By Ahmed*, Roots
This blog is produced in collaboration with Roots – A local Palestinian-Israeli initiative for understanding, non-violence and transformation.
My name is Ahmed* and I live in the West Bank in a small town near both Hebron (inhabited by Palestinians) and Gush Etzion – a settler community (where Israelis lives).
I’m Palestinian and until five years ago – despite living under two miles (2/3km) from Gush Etzion – I’d never met an Israeli settler. As Palestinians, we just don’t talk to settlers.
It’s very much a taboo – much more than with Israelis living outside the West Bank.
Yet that all changed one day in 2015 when I was just 19 years old.
My friend asked me to join him at a local meeting – a gathering of both Palestinians and Israelis (settlers).
I honestly thought he was joking. But he wasn’t at all.
He’s an open-minded guy. So, when he asked me to join him – the young teenager who didn’t really know much about politics – I (much to my surprise) agreed.
Of course, I felt uncertain, worried and in all honesty; a bit scared.
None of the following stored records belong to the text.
(* Let $A\in\mathbb Z^{d\times n}$ with $\ker(A)\cap\mathbb N^n=\{0\}$. Let $\mathcal B$ be the set of minimal distance reducing Markov bases of $A$ and $\mathcal B^s$ the set of minimal strongly distance reducing Markov bases. Then, with elements of $\ker(A)$ identified with their negatives, $D(A)=\bigcap_{B\in\mathcal B}B$ and $D^w(A)=\bigcap_{B\in\mathcal B^s}B$; i.e., a nonzero $z\in\ker(A)$ lies in $D(A)$ if and only if $z\in B$ or $-z\in B$ for every $B\in\mathcal B$, and lies in $D^w(A)$ if and only if $z\in B$ or $-z\in B$ for every $B\in\mathcal B^s$.
   Context: For $z\in\mathbb Z^n$, $z^\pm\in\mathbb N^n$ are the unique vectors with disjoint supports and $z=z^+-z^-$; $\|\cdot\|$ is the $1$-norm; $\le$ is coordinatewise. A positive (resp. negative) distance decomposition of $z\in\ker(A)$ is $z=u+v$ with $u,v\in\ker(A)\setminus\{0\}$, $u^+\le z^+$ (resp. $u^-\le z^-$) and $\|v\|<\|z\|$. $D^+(A)$ (resp. $D^-(A)$) is the set of nonzero $z\in\ker(A)$ with no positive (resp. negative) distance decomposition; $D(A)=D^+(A)\cap D^-(A)$, $D^w(A)=D^+(A)\cup D^-(A)$. For nonzero $z\in\ker(A)$: $u$ reduces $z$ from $z^+$ if some $\varepsilon\in\{\pm1\}$ has $z^++\varepsilon u\in\mathbb N^n$ and $\|z^++\varepsilon u-z^-\|<\|z\|$; from $z^-$ if some $\varepsilon$ has $z^-+\varepsilon u\in\mathbb N^n$ and $\|z^+-(z^-+\varepsilon u)\|<\|z\|$. $B\subseteq\ker(A)$ is distance reducing if each nonzero $z$ is reduced from $z^+$ or $z^-$ by some element of $B$; strongly distance reducing if each nonzero $z$ is reduced from $z^+$ by some element of $B$ and from $z^-$ by some element of $B$. A minimal (strongly) distance reducing Markov basis is a (strongly) distance reducing set no proper subset of which is (strongly) distance reducing. *)

From HB Require Import structures.
From mathcomp Require Import all_boot all_order all_algebra.
Set Implicit Arguments. Unset Strict Implicit. Unset Printing Implicit Defensive.
Import Order.TTheory GRing.Theory Num.Theory.
Local Open Scope ring_scope.

Section Defs.
Variables (d n : nat) (A : 'M[int]_(d, n)).

Definition inker (z : 'cV[int]_n) : Prop := A *m z = 0.

Definition posp (z : 'cV[int]_n) : 'cV[int]_n := \col_i Num.max (z i 0) 0.
Definition negp (z : 'cV[int]_n) : 'cV[int]_n := \col_i Num.max (- z i 0) 0.

Definition norm1 (z : 'cV[int]_n) : int := \sum_i `|z i 0|.

Definition nonneg (z : 'cV[int]_n) : Prop := forall i, 0 <= z i 0.

Definition lev (u v : 'cV[int]_n) : Prop := forall i, u i 0 <= v i 0.

Definition pos_dist_decomp (z : 'cV[int]_n) : Prop :=
  exists u v : 'cV[int]_n, [/\ inker u, inker v, u <> 0, v <> 0 &
    [/\ z = u + v, lev (posp u) (posp z) & norm1 v < norm1 z]].

Definition neg_dist_decomp (z : 'cV[int]_n) : Prop :=
  exists u v : 'cV[int]_n, [/\ inker u, inker v, u <> 0, v <> 0 &
    [/\ z = u + v, lev (negp u) (negp z) & norm1 v < norm1 z]].

Definition Dplus (z : 'cV[int]_n) : Prop :=
  [/\ inker z, z <> 0 & ~ pos_dist_decomp z].
Definition Dminus (z : 'cV[int]_n) : Prop :=
  [/\ inker z, z <> 0 & ~ neg_dist_decomp z].
Definition Dset (z : 'cV[int]_n) : Prop := Dplus z /\ Dminus z.
Definition Dweak (z : 'cV[int]_n) : Prop := Dplus z \/ Dminus z.

Definition reduces_pos (u z : 'cV[int]_n) : Prop :=
  exists eps : int, (eps = 1 \/ eps = -1) /\
    nonneg (posp z + eps *: u) /\ norm1 (posp z + eps *: u - negp z) < norm1 z.

Definition reduces_neg (u z : 'cV[int]_n) : Prop :=
  exists eps : int, (eps = 1 \/ eps = -1) /\
    nonneg (negp z + eps *: u) /\ norm1 (posp z - (negp z + eps *: u)) < norm1 z.

Definition distance_reducing (B : 'cV[int]_n -> Prop) : Prop :=
  (forall b, B b -> inker b) /\
  forall z, inker z -> z <> 0 ->
    exists u, B u /\ (reduces_pos u z \/ reduces_neg u z).

Definition strongly_distance_reducing (B : 'cV[int]_n -> Prop) : Prop :=
  (forall b, B b -> inker b) /\
  forall z, inker z -> z <> 0 ->
    (exists u, B u /\ reduces_pos u z) /\ (exists u, B u /\ reduces_neg u z).

Definition proper_subset (B' B : 'cV[int]_n -> Prop) : Prop :=
  (forall x, B' x -> B x) /\ exists x, B x /\ ~ B' x.

Definition minimal_DR_basis (B : 'cV[int]_n -> Prop) : Prop :=
  distance_reducing B /\ forall B', proper_subset B' B -> ~ distance_reducing B'.

Definition minimal_SDR_basis (B : 'cV[int]_n -> Prop) : Prop :=
  strongly_distance_reducing B /\
  forall B', proper_subset B' B -> ~ strongly_distance_reducing B'.

End Defs.

(** If z is in D^+(A) and a kernel element u reduces z from z^+, then z = (-eu) + (z + eu)
    is a positive distance decomposition unless u = z or u = -z; so every distance reducing
    set meets {z, -z} when z is in D(A), and every strongly distance reducing set does when z
    is in D^w(A).  Reducing z from z^- is the same as reducing -z from (-z)^+, which transfers
    everything to the negative side.  Conversely, a distance decomposition of z yields a
    reducer of z other than z and -z, so ker(A) minus {z, -z} stays (strongly) distance
    reducing when z is not in D(A) (resp. D^w(A)), and a minimal subset of it misses z and -z.
    Minimal subsets exist because each z has finitely many reducers (their 1-norm is at most
    twice that of z): walk through an enumeration of Z^n, discarding an element whenever the others
    still reduce every z; each z is settled after finitely many steps. *)

From mathcomp Require Import all_boot all_order all_algebra zify.
From Stdlib Require Import Classical.
Import Order.TTheory GRing.Theory Num.Theory.
Local Open Scope ring_scope.

Set Implicit Arguments.
Unset Strict Implicit.
Unset Printing Implicit Defensive.

Section MinimalHittingSet.
Variables (T : countType) (I : Type) (P : I -> Prop) (R : I -> T -> Prop).
Hypothesis R_finite : forall i, P i -> exists s : seq T, forall u, R i u -> u \in s.

Definition hitting (S : T -> Prop) := forall i, P i -> exists u, S u /\ R i u.

Fixpoint prune (S : T -> Prop) (k : nat) : T -> Prop :=
  if k is k'.+1 then fun x =>
    prune S k' x /\ ~ (pickle x = k' /\ hitting (fun y => prune S k' y /\ y <> x))
  else S.

Definition pruned (S : T -> Prop) x := forall k, prune S k x.

Lemma prune_sub S m k x : (m <= k)%N -> prune S k x -> prune S m x.
Proof.
elim: k => [|k IH]; first by rewrite leqn0 => /eqP ->.
by rewrite leq_eqVlt => /orP[/eqP -> //|]; rewrite ltnS => mk [/(IH mk)].
Qed.

Lemma prune_hitting S k : hitting S -> hitting (prune S k).
Proof.
move=> hS; elim: k => [//|k IH] i Pi /=.
case: (classic (exists x, pickle x = k /\ hitting (fun y => prune S k y /\ y <> x))).
- case=> x [px hx]; have [u [[Su ux] Riu]] := hx i Pi.
  exists u; split=> //; split=> // -[pu _]; apply: ux.
  by apply: (pcan_inj (@pickleK T)); rewrite pu px.
- move=> nx; have [u [Su Riu]] := IH i Pi.
  by exists u; split=> //; split=> // hu; apply: nx; exists u.
Qed.

Lemma pruned_hitting S : hitting S -> hitting (pruned S).
Proof.
move=> hS i Pi; have [s Rs] := R_finite Pi.
pose N := (\max_(x <- s) pickle x).+1.
have [u [Su Riu]] := prune_hitting N hS Pi; exists u; split=> //.
have ltuN : (pickle u < N)%N by rewrite ltnS; exact: leq_bigmax_seq (Rs u Riu) _.
(* Stage [k.+1] can only remove the element of code [k], and [u] has code [< N]. *)
elim=> [|k IH]; first exact: prune_sub (leq0n N) Su.
case: (pickle u =P k) => [<-|neq]; first exact: prune_sub ltuN Su.
by split=> // -[/neq].
Qed.

Lemma pruned_minimal S B x :
  (forall y, B y -> pruned S y) -> pruned S x -> ~ B x -> ~ hitting B.
Proof.
move=> sub Sx nBx hB; have [_ []] := Sx (pickle x).+1; split=> // i Pi.
have [u [Bu Riu]] := hB i Pi; exists u; split=> //; split; first exact: sub.
by move=> ux; apply: nBx; rewrite -ux.
Qed.

Lemma minimal_hitting_subset S : hitting S -> exists B,
  [/\ forall x, B x -> S x, hitting B &
      forall B', (forall x, B' x -> B x) -> forall x, B x -> ~ B' x -> ~ hitting B'].
Proof.
move=> hS; exists (pruned S); split; first by move=> x /(_ 0%N).
  exact: pruned_hitting.
by move=> B' sub x Sx nB'x; apply: pruned_minimal Sx nB'x.
Qed.

End MinimalHittingSet.

Section DistanceReduction.
Variables (d n : nat) (A : 'M[int]_(d, n)).
Implicit Types (u v w y z : 'cV[int]_n).

Lemma inkerB u v : inker A u -> inker A v -> inker A (u - v).
Proof. by rewrite /inker mulmxBr => -> ->; rewrite subr0. Qed.

Lemma inkerN u : inker A u -> inker A (- u).
Proof. by rewrite -sub0r; apply: inkerB; rewrite /inker mulmx0. Qed.

Lemma oppr_neq0 u : u <> 0 -> - u <> 0.
Proof. by move=> nu /eqP; rewrite oppr_eq0 => /eqP. Qed.

Lemma pospN z : posp (- z) = negp z.
Proof. by apply/matrixP => i j; rewrite !mxE. Qed.

Lemma negpN z : negp (- z) = posp z.
Proof. by apply/matrixP => i j; rewrite !mxE opprK. Qed.

Lemma posp_sub_negp z : posp z - negp z = z.
Proof. by apply/matrixP => i j; rewrite ord1 !mxE; move: (z i 0) => a; lia. Qed.

Lemma nonneg_posp_subP z w : nonneg (posp z - w) <-> lev (posp w) (posp z).
Proof. by split=> h i; have := h i; rewrite !mxE; move: (z i 0) (w i 0) => a b; lia. Qed.

Lemma norm1_ge0 z : 0 <= norm1 z.
Proof. exact: sumr_ge0. Qed.

Lemma norm1N z : norm1 (- z) = norm1 z.
Proof. by apply: eq_bigr => i _; rewrite mxE normrN. Qed.

Lemma norm1Mn z k : norm1 (z *+ k) = norm1 z *+ k.
Proof. by rewrite /norm1 -sumrMnl; apply: eq_bigr => i _; rewrite mulmxnE normrMn. Qed.

Lemma norm1_sub_le z w : norm1 (z - w) <= norm1 z + norm1 w.
Proof.
by rewrite /norm1 -big_split ler_sum // => i _; rewrite !mxE ler_normB.
Qed.

Lemma norm1_entry z i : `|z i 0| <= norm1 z.
Proof. by rewrite /norm1 (bigD1 i) //= lerDl sumr_ge0. Qed.

Lemma norm1_gt0 z : z <> 0 -> 0 < norm1 z.
Proof.
move=> nz; rewrite lt_def norm1_ge0 andbT; apply/eqP => /psumr_eq0P z0.
by apply: nz; apply/matrixP => i j; rewrite ord1 mxE; apply/eqP/normr0P/z0.
Qed.

Lemma norm1_ball_finite (r : int) :
  exists s : seq 'cV[int]_n, forall u, norm1 u <= r -> u \in s.
Proof.
pose K := `|r|%N; pose shift (k : 'I_(K + K).+1) := k%:Z - K%:Z.
exists (codom (map_mx shift)) => u ur.
have -> : u = map_mx shift (map_mx (fun a : int => inord (absz (a + K%:Z))) u).
  apply/matrixP => i j; rewrite ord1 !mxE /shift inordK;
    have := norm1_entry u i; move: ur; rewrite /K; move: (u i 0) (norm1 u) => a N; lia.
exact: codom_f.
Qed.

Definition pos_step w z := lev (posp w) (posp z) /\ norm1 (z - w) < norm1 z.

Lemma pos_step_neq w z : pos_step w z -> w <> 0 /\ w <> - z.
Proof.
case=> _ hlt; split=> [w0|wNz]; first by rewrite w0 subr0 ltxx in hlt.
by move: hlt; rewrite wNz opprK -mulr2n norm1Mn mulr2n ltNge lerDl norm1_ge0.
Qed.

Lemma pos_step_self y : y <> 0 -> pos_step y y.
Proof.
move=> ny; split=> [i //|]; rewrite subrr (_ : norm1 0 = 0) ?norm1_gt0 //.
by rewrite /norm1 big1 // => i _; rewrite mxE.
Qed.

Lemma pos_step_norm1 w z : pos_step w z -> norm1 w <= norm1 z *+ 2.
Proof.
case=> _ /ltW hlt; rewrite -{1}(subKr z w) mulr2n.
exact: le_trans (norm1_sub_le _ _) (lerD (lexx _) hlt).
Qed.

Lemma reduces_pos_step e u z :
  nonneg (posp z + e *: u) /\ norm1 (posp z + e *: u - negp z) < norm1 z <->
  pos_step (- (e *: u)) z.
Proof.
rewrite addrAC posp_sub_negp; set w := - (e *: u); rewrite -[e *: u]opprK -/w.
by split=> -[nn hlt]; split=> //; apply/nonneg_posp_subP.
Qed.

Lemma reduces_posP u z : reduces_pos u z <-> pos_step u z \/ pos_step (- u) z.
Proof.
split.
- case=> e [[->|->] /reduces_pos_step]; rewrite ?scale1r ?scaleN1r ?opprK; by [right|left].
- case=> st; [exists (-1) | exists 1]; (split; [by [right|left] | apply/reduces_pos_step]);
    by rewrite ?scale1r ?scaleN1r ?opprK.
Qed.

Lemma reduces_negN u z : reduces_neg u z <-> reduces_pos u (- z).
Proof.
rewrite /reduces_pos pospN negpN norm1N.
have flip e : posp z - (negp z + e *: u) = - (negp z + e *: u - posp z) by rewrite opprB.
by split=> -[e [he [nn hlt]]]; exists e; move: hlt; rewrite flip norm1N.
Qed.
Meeting with settlers? What does that mean? What would other people think about it?
I’d never been curious about settlers. I thought they were the kind of people you threw rocks at, not meet to sit and talk to about your life experiences, your dreams and feelings.
As a Palestinian, even just meeting settlers was – and still is – seen as a big “no-no”.
I was therefore obviously worried about other Palestinians – what they’d think, what they’d say, what they’d do if they found out I’d gone. But, my friend reassured me that no one would know – that it would be our secret, almost like an adventure.
So, I agreed. I wasn’t sure about it but I’d made up my mind. After all, what could go wrong?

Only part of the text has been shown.